There has been a discussion whether one should use Pearson r or Spearman’s rho when 
applying the method of correlated vectors. The answer depends on whether one assumes an 
interval or an ordinal measurement level for IQ scores. Ranking of IQ scores can be seen as a 
way of categorizing intelligence levels on an ordinal scale. For instance, an IQ score of 150 
indicates a higher level of intelligence compared to an IQ score of 75. However, the inference 
that an IQ score of 150 indicates a doubling in level of intelligence compared to an IQ score of 75 
cannot be drawn. 

In order to obtain our results, mean IQ scores were used to calculate the score differences 
between groups (d). Score differences have the characteristics of an interval scale: arithmetical 
operations can be conducted, and the effects (d) have values ranging from negative to positive. 
Thus, the choice for Pearson r or Spearman’s rho depends on whether the underlying construct on 
which calculations are carried out are more important or the calculations themselves. Colom, 
Juan-Espinosa, Abad, and Garcia (2000) consider both Pearson r and Spearman’s rho as suitable 
measures of the degree of relationship between two vectors. We decided to use Pearson r 
following earlier conducted meta-analyses using Pearson r in the method of correlated vectors (te 
Nijenhuis, van Vianen, & van der Flier, 2007; te Nijenhuis & Jongeneel-Grimen, 2007; te 
Nijenhuis, de Pater, van Bloois, & Geutjes, 2009). This has the advantage that the results of the 
present studies can be compared directly against those of the earlier studies. 

General Inclusion Rules 

For studies to be included in a MA four criteria had to be met: First, in order to obtain a 
reliable estimate of the true correlation between each of the four variables (inbreeding, visual 
impairment, schizophrenia, and epilepsy) and the g loadings, the cognitive batteries had to have a 
minimum of seven subtests. For the MA on giftedness the requirement was different: all studies 
reporting Wechsler composite Verbal, Performance, and Full Scale IQ scores were included in 
the MA on giftedness. Second, the IQ test had to be well-validated.
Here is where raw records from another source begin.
(* Let $\mathbb{F}$ be a finite field of cardinality $2^m$ with $m\geq 2$, and let $A\in M_n(\mathbb{F})$. Then there exist $N,D\in M_n(\mathbb{F})$ with $A=N+D$, $N^2=0$ and $D^{2^m}=D$. *)

From mathcomp Require Import all_boot all_algebra.
Set Implicit Arguments. Unset Strict Implicit. Unset Printing Implicit Defensive.
Import GRing.Theory.
Local Open Scope ring_scope.

(* Power of a square matrix of arbitrary size n (including n = 0, where
   'M_n has no ring structure): D ^ k = D *m ... *m D (k factors), D ^ 0 = 1. *)
Definition mxpow (R : pzRingType) (n : nat) (D : 'M[R]_n) (k : nat) : 'M[R]_n :=
  iter k (mulmx D) 1%:M.

From mathcomp Require Import all_boot all_algebra perm finfield.
Set Implicit Arguments. Unset Strict Implicit. Unset Printing Implicit Defensive.
Import GRing.Theory.
Local Open Scope ring_scope.

(* Every square matrix is similar to a block diagonal matrix of cyclic blocks:
   a Krylov space W of maximal dimension k is A-stable, some Krylov space of
   A^T of dimension k pairs nondegenerately with W, and its annihilator is an
   A-stable complement of W.  A cyclic block is similar to the lower Hessenberg
   matrix H with rows d_i e_i + e_(i+1) (i < k - 1) and last row w, for any
   prescribed d; only the trace, hence the last diagonal entry of H, is forced.
   Let N keep the superdiagonal entries of the odd rows of H, together with the
   even-column entries of the last row when its index is odd.  Then N^2 = 0,
   and each e_i is killed by a product of linear factors X - x evaluated at
   D = H - N.  Since |F| >= 4, d can be chosen to make these factors distinct,
   whence D^|F| = D.  The one exception is a 2 x 2 block of trace 0: it squares
   to a scalar s^2 (squaring is onto in characteristic 2), so H + s is
   square-zero. *)

Definition sqz_potent (R : pzRingType) (q n : nat) (A : 'M[R]_n) :=
  exists N D : 'M[R]_n, [/\ A = N + D, N *m N = 0 & mxpow D q = D].

Lemma mxpowE (R : pzRingType) n (D : 'M[R]_n.+1) j : mxpow D j = D ^+ j.
Proof. by elim: j => [|j /= ->]; rewrite ?exprS. Qed.

Section SqzPotentClosure.
Variables (R : pzRingType) (q : nat).

Lemma sqz_potent0 (A : 'M[R]_0) : sqz_potent q A.
Proof. by exists 0, 0; split; rewrite ?mul0mx; apply/matrixP => -[]. Qed.

Lemma sqz_potent_block m n (B : 'M[R]_m) (C : 'M[R]_n) :
  sqz_potent q B -> sqz_potent q C -> sqz_potent q (block_mx B 0 0 C).
Proof.
move=> [N1 [D1 [-> N1N1 D1q]]] [N2 [D2 [-> N2N2 D2q]]].
have mxpow_block j :
    mxpow (block_mx D1 0 0 D2) j = block_mx (mxpow D1 j) 0 0 (mxpow D2 j).
  elim: j => [|j /= ->]; first by rewrite /= scalar_mx_block.
  by rewrite mulmx_block !mulmx0 !mul0mx !addr0 !add0r.
exists (block_mx N1 0 0 N2), (block_mx D1 0 0 D2); split.
- by rewrite add_block_mx !addr0.
- by rewrite mulmx_block !mulmx0 !mul0mx !addr0 !add0r N1N1 N2N2 block_mx0.
- by rewrite mxpow_block D1q D2q.
Qed.

End SqzPotentClosure.

Lemma sqz_potent_conj (F : fieldType) q m n (P : 'M[F]_(m, n)) A B :
  row_free P -> row_full P -> P *m A = B *m P ->
  sqz_potent q B -> sqz_potent q A.
Proof.
set Q := pinvmx P => Pfree Pfull PA [N [D [BE NN Dq]]].
have PQ : P *m Q = 1%:M := mulmxVp Pfree.
have QP : Q *m P = 1%:M by have := mulmxKpV (submx_full 1%:M Pfull); rewrite mul1mx.
clearbody Q.
have conjM (X Y : 'M_m) : Q *m X *m P *m (Q *m Y *m P) = Q *m (X *m Y) *m P.
  by rewrite !mulmxA -(mulmxA _ P Q) PQ mulmx1.
have mxpow_conj X j : mxpow (Q *m X *m P) j = Q *m mxpow X j *m P.
  by elim: j => [|j /= ->]; rewrite ?mulmx1 ?QP ?conjM.
exists (Q *m N *m P), (Q *m D *m P); split.
- by rewrite -mulmxDl -mulmxDr -BE -mulmxA -PA mulmxA QP mul1mx.
- by rewrite conjM NN mulmx0 mul0mx.
- by rewrite mxpow_conj Dq.
Qed.

Section Krylov.
Variable F : fieldType.

Definition krylovmx n (A : 'M[F]_n.+1) (v : 'rV_n.+1) k : 'M_(k, n.+1) :=
  \matrix_(i < k) (v *m A ^+ i).

Lemma krylovmxS n (A : 'M[F]_n.+1) v k :
  (krylovmx A v k.+1 :=: krylovmx A v k + v *m A ^+ k)%MS.
Proof.
apply/eqmxP/andP; split.
  apply/row_subP=> i; rewrite rowK; have [ik|ki] := ltnP i k.
    have := row_sub (Ordinal ik) (krylovmx A v k); rewrite rowK => /submx_trans.
    by apply; apply: addsmxSl.
  have -> : (i : nat) = k by apply/eqP; rewrite eqn_leq ki -ltnS ltn_ord.
  exact: addsmxSr.
rewrite addsmx_sub; apply/andP; split.
  apply/row_subP=> i; rewrite rowK.
  by have := row_sub (widen_ord (leqnSn k) i) (krylovmx A v k.+1); rewrite rowK.
by have := row_sub ord_max (krylovmx A v k.+1); rewrite rowK.
Qed.

Lemma krylovmx_stable n (A : 'M[F]_n.+1) v k :
  row_free (krylovmx A v k) -> ~~ row_free (krylovmx A v k.+1) ->
  stablemx (krylovmx A v k) A.
Proof.
move=> Kfree; apply: contraNT => unstable.
have vAk_notin : ~~ (v *m A ^+ k <= krylovmx A v k)%MS.
  apply: contra unstable => vAk_in; apply/row_subP=> i.
  rewrite row_mul rowK -mulmxA mulmxE -exprSr; have [ik|ki] := ltnP i.+1 k.
    by have := row_sub (Ordinal ik) (krylovmx A v k); rewrite rowK.
  by have -> : i.+1 = k by apply/eqP; rewrite eqn_leq ki ltn_ord.
have lt_K_KvAk : (krylovmx A v k < krylovmx A v k + v *m A ^+ k)%MS.
  by rewrite ltmxE addsmxSl addsmx_sub submx_refl.
by rewrite -row_leq_rank (krylovmxS A v k) -{1}(eqP Kfree) rank_ltmx.
Qed.

Lemma trmxX n (A : 'M[F]_n.+1) j : (A ^+ j)^T = A^T ^+ j.
Proof.
elim: j => [|j IHj]; first by rewrite !expr0 trmx1.
by rewrite exprS exprSr -IHj -!mulmxE trmx_mul.
Qed.

(* For K c = e_k, the entries v A^(i+j) c of the product form a Hankel matrix
   that is zero above its anti-diagonal and 1 on it. *)
Lemma krylovmx_dual n (A : 'M[F]_n.+1) v k :
  row_free (krylovmx A v k.+1) ->
  exists f, krylovmx A v k.+1 *m (krylovmx A^T f k.+1)^T \in unitmx.
Proof.
set K := krylovmx A v k.+1 => Kfree; have [X KX] := row_freeP Kfree.
pose c : 'cV_n.+1 := X *m delta_mx ord_max 0; exists c^T; set M := _ *m _.
have ME i j : M i j = (v *m A ^+ (i + j) *m c) 0 0.
  rewrite exprD -mulmxE mulmxA -(mulmxA _ (A ^+ j) c) [LHS]mxE [RHS]mxE.
  apply: eq_bigr => l _; rewrite [K i l]mxE; congr (_ * _).
  by rewrite [LHS]mxE /krylovmx [LHS]mxE -trmxX -trmx_mul mxE.
have vAc i : (i <= k)%N -> (v *m A ^+ i *m c) 0 0 = (i == k)%:R.
  rewrite -ltnS => ik; have Kc : K *m c = delta_mx ord_max 0 by rewrite mulmxA KX mul1mx.
  by rewrite -(rowK (fun i : 'I_k.+1 => v *m A ^+ i) (Ordinal ik)) -row_mul Kc !mxE andbT.
pose M' := col_perm (perm (@rev_ord_inj k.+1)) M.
have M'E (i j : 'I_k.+1) : (i <= j)%N -> M' i j = (i == j :> nat)%:R.
  move=> ij; have jk : (j <= k)%N by rewrite -ltnS.
  rewrite mxE permE ME /= subSS vAc; last first.
    by rewrite -[X in (_ <= X)%N](subnKC jk) leq_add2r.
  by rewrite -[X in _ == X](subnKC jk) eqn_add2r.
suff : M' \in unitmx by rewrite /M' col_permE unitmx_mul => /andP[].
rewrite unitmxE det_trig; last first.
  by apply/is_trig_mxP=> i j ij; rewrite M'E ?(ltnW ij) // ltn_eqF.
by rewrite big1 ?unitr1 // => i _; rewrite M'E ?eqxx.
Qed.

Lemma unitmx_mul_row_free m n (X : 'M[F]_(m, n)) (Z : 'M_(n, m)) :
  X *m Z \in unitmx -> row_free X /\ row_free Z^T.
Proof.
move=> XZu; rewrite -!row_leq_rank mxrank_tr.
by split; rewrite -[m in (m <= _)%N](mxrank_unit XZu) ?mxrankM_maxl ?mxrankM_maxr.
Qed.

Lemma stablemx_kermx m n (A : 'M[F]_n) (Y : 'M_(n, m)) :
  stablemx Y^T A^T -> stablemx (kermx Y) A.
Proof.
case/submxP=> C YAC; apply/sub_kermxP.
by rewrite -mulmxA -[A *m Y]trmxK trmx_mul YAC trmx_mul trmxK mulmxA mulmx_ker mul0mx.
Qed.

Lemma krylovmx_complement n (A : 'M[F]_n.+1) v k' :
  row_free (krylovmx A v k'.+1) -> (forall u, ~~ row_free (krylovmx A u k'.+2)) ->
  exists2 Y : 'M_(n.+1, k'.+1),
    krylovmx A v k'.+1 *m Y \in unitmx & stablemx (kermx Y) A.
Proof.
move=> Wfree Wmax; have [f WYu] := krylovmx_dual Wfree.
exists (krylovmx A^T f k'.+1)^T => //.
apply: stablemx_kermx; rewrite trmxK; apply: krylovmx_stable.
  by case: (unitmx_mul_row_free WYu); rewrite trmxK.
(* A longer free Krylov chain of A^T would, dually, give one of A. *)
apply/negP=> /krylovmx_dual[g /unitmx_mul_row_free[_]].
by rewrite !trmxK; apply/negP.
Qed.

Lemma row_free_col_mx m1 m2 n (X : 'M[F]_(m1, n)) (B : 'M_(m2, n)) (Y : 'M_(n, m1)) :
  X *m Y \in unitmx -> B *m Y = 0 -> row_free B -> row_free (col_mx X B).
Proof.
move=> XYu BY0 Bfree; apply/inj_row_free=> u; rewrite -[u]hsubmxK mul_row_col => uXB0.
have ul0 : lsubmx u = 0.
  move/(congr1 (mulmx^~ Y)): uXB0; rewrite mul0mx mulmxDl -!mulmxA BY0 mulmx0 addr0.
  by move/eqP; rewrite mulmx_free_eq0 ?row_free_unit // => /eqP.
move: uXB0; rewrite ul0 mul0mx add0r => /eqP; rewrite mulmx_free_eq0 // => /eqP->.
by rewrite row_mx0.
Qed.

Lemma krylovmx_conj m n (A : 'M[F]_n.+1) (C : 'M_m.+1) (W : 'M_(m.+1, n.+1)) u k :
  C *m W = W *m A -> krylovmx C u k *m W = krylovmx A (u *m W) k.
Proof.
move=> CW; have CiW i : C ^+ i *m W = W *m A ^+ i.
  elim: i => [|i IHi]; first by rewrite !expr0 mul1mx mulmx1.
  by rewrite !exprS -!mulmxE -mulmxA IHi !mulmxA CW.
by apply/row_matrixP=> i; rewrite row_mul !rowK -mulmxA CiW mulmxA.
Qed.

Lemma conjmx_krylovmx_free n (A : 'M[F]_n.+1) v k' :
  row_free (krylovmx A v k'.+1) -> stablemx (krylovmx A v k'.+1) A ->
  row_free (krylovmx (conjmx (krylovmx A v k'.+1) A) (delta_mx 0 0) k'.+1).
Proof.
set W := krylovmx A v k'.+1 => Wfree Wstab.
have KW : krylovmx (conjmx W A) (delta_mx 0 0) k'.+1 *m W = W.
  by rewrite (krylovmx_conj _ _ (mulmxKpV Wstab)) -rowE rowK expr0 mulmx1.
by rewrite -row_leq_rank -{1}(eqP Wfree) -{1}KW mxrankM_maxl.
Qed.

End Krylov.

Section CyclicDecomposition.
Variable F : finFieldType.

Lemma exists_max_krylovmx n (A : 'M[F]_n.+1) :
  exists k' v, row_free (krylovmx A v k'.+1) /\
               forall u, ~~ row_free (krylovmx A u k'.+2).
Proof.
pose P k := [exists v, row_free (krylovmx A v k)].
have P1 : P 1%N.
  apply/existsP; exists (delta_mx 0 0); rewrite /row_free rank_rV.
  suff -> : krylovmx A (delta_mx 0 0) 1 != 0 by [].
  apply/eqP=> /matrixP/(_ 0 0); rewrite mxE expr0 mulmx1 !mxE /= => /eqP.
  by rewrite oner_eq0.
have Pbound k : P k -> (k <= n.+1)%N by case/existsP=> v /eqP <-; apply: rank_leq_col.
case: (ex_maxnP (ex_intro _ 1%N P1) Pbound) => -[|k'] /existsP[v vfree] Pmax.
  by have := Pmax 1%N P1.
exists k', v; split=> // u; apply/negP=> ufree.
by have := Pmax k'.+2 (introT existsP (ex_intro _ u ufree)); rewrite ltnn.
Qed.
Third, since studies with a 
test-retest effect would influence the ‘true’ correlation between d and g (see discussion below) — 
they were excluded. That is, studies using a counterbalanced design and the scores of the re- 
administration of an IQ battery within a test-retest design were not included. In a counterbalanced 
design, participants are administered two IQ batteries, X and Y, in different orders. Half of the 
participants take test X first, then test Y and vice versa. Finally, only studies published in 


English, Dutch, or German were used.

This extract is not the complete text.